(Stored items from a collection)
***
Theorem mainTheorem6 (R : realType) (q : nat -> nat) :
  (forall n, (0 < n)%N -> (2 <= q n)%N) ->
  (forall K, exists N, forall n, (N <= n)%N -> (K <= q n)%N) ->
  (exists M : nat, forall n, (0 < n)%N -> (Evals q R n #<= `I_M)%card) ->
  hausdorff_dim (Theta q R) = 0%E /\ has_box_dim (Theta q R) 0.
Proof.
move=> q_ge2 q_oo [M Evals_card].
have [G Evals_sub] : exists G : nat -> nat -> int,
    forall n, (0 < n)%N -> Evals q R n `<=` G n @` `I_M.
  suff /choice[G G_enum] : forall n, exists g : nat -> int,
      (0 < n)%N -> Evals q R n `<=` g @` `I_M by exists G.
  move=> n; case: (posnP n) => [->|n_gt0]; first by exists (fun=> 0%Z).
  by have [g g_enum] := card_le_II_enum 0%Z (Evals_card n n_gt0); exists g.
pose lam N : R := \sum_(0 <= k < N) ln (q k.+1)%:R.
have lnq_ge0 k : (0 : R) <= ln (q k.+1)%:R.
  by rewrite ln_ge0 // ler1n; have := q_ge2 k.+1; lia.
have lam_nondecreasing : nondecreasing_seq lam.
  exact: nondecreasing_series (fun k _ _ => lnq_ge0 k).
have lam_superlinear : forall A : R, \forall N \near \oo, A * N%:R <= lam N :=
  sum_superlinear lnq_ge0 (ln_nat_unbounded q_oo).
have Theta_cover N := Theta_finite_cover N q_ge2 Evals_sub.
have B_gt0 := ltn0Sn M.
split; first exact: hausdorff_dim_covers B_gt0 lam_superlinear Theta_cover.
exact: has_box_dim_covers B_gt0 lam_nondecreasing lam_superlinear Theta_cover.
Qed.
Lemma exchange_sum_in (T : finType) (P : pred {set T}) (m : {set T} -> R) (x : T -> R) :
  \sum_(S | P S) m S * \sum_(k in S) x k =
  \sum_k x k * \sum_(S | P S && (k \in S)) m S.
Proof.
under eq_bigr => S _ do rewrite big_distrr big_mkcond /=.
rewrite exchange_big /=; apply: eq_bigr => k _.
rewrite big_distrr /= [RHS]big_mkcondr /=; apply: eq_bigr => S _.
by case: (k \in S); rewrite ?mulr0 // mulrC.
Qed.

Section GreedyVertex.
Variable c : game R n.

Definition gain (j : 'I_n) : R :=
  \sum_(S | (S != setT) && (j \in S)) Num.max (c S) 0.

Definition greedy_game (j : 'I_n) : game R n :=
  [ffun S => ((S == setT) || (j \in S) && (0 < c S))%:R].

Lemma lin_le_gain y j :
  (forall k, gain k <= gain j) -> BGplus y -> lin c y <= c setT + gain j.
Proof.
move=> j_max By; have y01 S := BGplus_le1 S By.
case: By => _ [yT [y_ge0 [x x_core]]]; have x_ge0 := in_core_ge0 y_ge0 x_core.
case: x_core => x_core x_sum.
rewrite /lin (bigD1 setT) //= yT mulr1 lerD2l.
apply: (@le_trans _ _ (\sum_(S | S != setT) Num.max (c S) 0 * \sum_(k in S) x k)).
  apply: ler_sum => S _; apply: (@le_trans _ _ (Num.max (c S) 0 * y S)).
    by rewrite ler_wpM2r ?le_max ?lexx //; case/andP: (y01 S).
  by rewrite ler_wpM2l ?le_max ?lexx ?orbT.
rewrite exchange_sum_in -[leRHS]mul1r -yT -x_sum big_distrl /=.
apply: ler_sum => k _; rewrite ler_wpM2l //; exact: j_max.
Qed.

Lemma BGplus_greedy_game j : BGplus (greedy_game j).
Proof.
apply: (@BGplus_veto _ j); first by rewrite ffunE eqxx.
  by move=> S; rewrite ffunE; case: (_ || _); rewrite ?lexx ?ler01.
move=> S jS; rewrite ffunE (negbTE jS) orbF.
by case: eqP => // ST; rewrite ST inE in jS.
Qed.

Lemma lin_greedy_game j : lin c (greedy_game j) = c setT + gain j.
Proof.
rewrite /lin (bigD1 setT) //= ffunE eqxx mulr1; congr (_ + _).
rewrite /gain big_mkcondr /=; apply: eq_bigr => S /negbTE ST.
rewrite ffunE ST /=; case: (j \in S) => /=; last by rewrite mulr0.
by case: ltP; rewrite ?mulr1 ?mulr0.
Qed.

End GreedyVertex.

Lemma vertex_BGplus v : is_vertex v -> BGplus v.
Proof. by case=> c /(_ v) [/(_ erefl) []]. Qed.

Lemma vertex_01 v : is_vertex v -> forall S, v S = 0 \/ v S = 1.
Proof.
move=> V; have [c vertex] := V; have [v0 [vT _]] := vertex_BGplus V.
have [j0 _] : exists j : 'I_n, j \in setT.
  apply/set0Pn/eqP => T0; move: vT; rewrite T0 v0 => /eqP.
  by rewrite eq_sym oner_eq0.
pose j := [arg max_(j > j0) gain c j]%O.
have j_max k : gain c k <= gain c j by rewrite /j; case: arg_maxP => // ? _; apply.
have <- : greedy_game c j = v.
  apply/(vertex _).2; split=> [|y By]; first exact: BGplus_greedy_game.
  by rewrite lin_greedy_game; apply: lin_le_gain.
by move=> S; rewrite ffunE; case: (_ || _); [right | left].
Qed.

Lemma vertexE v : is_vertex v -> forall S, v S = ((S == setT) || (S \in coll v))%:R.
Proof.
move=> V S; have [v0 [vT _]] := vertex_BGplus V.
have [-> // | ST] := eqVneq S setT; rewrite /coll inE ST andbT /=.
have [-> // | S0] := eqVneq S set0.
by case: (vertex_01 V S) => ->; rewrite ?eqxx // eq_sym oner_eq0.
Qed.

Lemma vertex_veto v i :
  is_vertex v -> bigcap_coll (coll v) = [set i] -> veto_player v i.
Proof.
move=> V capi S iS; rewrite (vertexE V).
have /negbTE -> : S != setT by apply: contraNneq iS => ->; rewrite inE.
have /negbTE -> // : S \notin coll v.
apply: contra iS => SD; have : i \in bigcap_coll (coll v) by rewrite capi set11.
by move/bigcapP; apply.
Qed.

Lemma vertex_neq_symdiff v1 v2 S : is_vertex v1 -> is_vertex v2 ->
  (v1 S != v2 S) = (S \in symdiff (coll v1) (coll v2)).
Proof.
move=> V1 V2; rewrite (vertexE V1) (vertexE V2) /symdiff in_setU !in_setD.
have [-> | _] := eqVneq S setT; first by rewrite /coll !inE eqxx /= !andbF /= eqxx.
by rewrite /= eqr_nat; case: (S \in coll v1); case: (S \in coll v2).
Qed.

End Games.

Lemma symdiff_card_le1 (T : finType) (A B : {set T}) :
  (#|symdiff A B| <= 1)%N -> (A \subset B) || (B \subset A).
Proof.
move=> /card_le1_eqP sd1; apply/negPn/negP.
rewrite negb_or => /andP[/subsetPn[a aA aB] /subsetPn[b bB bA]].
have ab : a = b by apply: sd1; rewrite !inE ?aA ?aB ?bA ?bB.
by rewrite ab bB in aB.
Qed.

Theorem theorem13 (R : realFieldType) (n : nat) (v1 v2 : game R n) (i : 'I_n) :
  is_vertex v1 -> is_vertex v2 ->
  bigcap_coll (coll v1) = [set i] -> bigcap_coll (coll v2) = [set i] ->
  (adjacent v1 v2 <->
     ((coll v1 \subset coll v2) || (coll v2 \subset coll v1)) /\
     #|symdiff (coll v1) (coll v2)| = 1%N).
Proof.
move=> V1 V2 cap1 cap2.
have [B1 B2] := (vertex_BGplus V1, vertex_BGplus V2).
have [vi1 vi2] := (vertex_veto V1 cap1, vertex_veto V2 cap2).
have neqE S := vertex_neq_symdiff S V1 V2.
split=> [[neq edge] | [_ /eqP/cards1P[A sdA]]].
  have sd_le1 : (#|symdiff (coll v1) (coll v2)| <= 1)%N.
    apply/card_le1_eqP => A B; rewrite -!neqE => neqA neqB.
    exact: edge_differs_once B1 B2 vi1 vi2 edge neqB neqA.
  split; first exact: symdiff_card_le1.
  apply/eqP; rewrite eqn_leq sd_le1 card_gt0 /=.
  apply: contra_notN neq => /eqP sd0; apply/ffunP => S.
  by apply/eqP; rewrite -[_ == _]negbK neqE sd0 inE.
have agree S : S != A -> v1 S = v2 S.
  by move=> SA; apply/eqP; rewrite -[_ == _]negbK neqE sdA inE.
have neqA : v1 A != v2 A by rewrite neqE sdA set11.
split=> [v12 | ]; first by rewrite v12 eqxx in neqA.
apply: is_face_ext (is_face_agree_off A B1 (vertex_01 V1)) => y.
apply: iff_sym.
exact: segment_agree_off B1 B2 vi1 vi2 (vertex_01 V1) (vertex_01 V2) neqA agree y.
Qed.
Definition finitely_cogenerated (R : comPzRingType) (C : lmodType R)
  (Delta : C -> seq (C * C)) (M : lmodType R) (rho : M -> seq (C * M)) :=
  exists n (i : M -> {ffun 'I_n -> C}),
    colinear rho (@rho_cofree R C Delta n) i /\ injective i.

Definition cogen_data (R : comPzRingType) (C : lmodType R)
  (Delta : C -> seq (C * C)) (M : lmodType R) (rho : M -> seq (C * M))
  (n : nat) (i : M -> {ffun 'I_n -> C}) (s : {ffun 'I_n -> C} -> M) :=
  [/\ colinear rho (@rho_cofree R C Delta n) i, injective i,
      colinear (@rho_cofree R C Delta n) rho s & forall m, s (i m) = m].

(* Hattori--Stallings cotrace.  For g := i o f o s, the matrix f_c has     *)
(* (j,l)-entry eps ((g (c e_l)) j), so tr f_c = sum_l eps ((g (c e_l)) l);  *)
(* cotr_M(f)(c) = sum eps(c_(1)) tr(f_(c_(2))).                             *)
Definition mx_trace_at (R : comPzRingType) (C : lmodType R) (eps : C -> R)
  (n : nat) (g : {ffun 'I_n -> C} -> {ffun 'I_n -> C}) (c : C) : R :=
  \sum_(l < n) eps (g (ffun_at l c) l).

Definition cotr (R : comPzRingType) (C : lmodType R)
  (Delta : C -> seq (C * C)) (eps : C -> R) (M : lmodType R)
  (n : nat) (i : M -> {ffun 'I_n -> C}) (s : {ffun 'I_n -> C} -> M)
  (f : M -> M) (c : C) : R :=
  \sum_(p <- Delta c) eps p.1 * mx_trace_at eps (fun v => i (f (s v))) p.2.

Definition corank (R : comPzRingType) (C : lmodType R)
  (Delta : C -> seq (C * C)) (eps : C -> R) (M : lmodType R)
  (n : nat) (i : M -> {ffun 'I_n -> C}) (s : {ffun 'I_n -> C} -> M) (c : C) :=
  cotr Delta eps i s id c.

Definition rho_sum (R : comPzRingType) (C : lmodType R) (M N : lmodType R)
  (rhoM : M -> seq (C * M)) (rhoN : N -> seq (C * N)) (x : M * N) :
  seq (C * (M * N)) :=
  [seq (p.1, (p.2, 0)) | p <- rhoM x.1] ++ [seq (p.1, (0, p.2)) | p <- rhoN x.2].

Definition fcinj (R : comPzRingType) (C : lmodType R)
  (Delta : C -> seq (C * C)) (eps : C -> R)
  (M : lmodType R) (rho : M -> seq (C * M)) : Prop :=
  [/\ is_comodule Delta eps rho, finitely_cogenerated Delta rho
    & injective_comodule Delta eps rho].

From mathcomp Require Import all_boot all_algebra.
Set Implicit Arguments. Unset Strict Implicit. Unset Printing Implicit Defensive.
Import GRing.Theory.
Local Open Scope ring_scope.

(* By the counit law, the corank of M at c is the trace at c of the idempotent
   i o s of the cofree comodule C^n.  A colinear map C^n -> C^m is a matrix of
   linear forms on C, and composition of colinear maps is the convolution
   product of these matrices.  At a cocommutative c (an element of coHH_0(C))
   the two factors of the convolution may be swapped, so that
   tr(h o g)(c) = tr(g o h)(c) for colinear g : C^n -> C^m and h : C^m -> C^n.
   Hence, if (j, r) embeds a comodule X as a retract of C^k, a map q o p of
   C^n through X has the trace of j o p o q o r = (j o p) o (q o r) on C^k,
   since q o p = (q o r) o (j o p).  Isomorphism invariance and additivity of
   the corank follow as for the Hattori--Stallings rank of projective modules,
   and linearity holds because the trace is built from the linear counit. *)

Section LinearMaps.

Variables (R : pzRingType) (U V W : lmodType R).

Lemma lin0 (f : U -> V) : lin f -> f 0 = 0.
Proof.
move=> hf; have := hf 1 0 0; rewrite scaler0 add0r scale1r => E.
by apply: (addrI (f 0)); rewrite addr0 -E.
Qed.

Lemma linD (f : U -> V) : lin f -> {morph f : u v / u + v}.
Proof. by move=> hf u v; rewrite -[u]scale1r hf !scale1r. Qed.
***
● **PROBLEM TO SOLVE**: Return only the lines above that run from the opening line through the line containing "suff /choice[G G_enum]", exactly as written.

● **ANSWER TO THE EXERCISE**:
Theorem mainTheorem6 (R : realType) (q : nat -> nat) :
  (forall n, (0 < n)%N -> (2 <= q n)%N) ->
  (forall K, exists N, forall n, (N <= n)%N -> (K <= q n)%N) ->
  (exists M : nat, forall n, (0 < n)%N -> (Evals q R n #<= `I_M)%card) ->
  hausdorff_dim (Theta q R) = 0%E /\ has_box_dim (Theta q R) 0.
Proof.
move=> q_ge2 q_oo [M Evals_card].
have [G Evals_sub] : exists G : nat -> nat -> int,
    forall n, (0 < n)%N -> Evals q R n `<=` G n @` `I_M.
  suff /choice[G G_enum] : forall n, exists g : nat -> int,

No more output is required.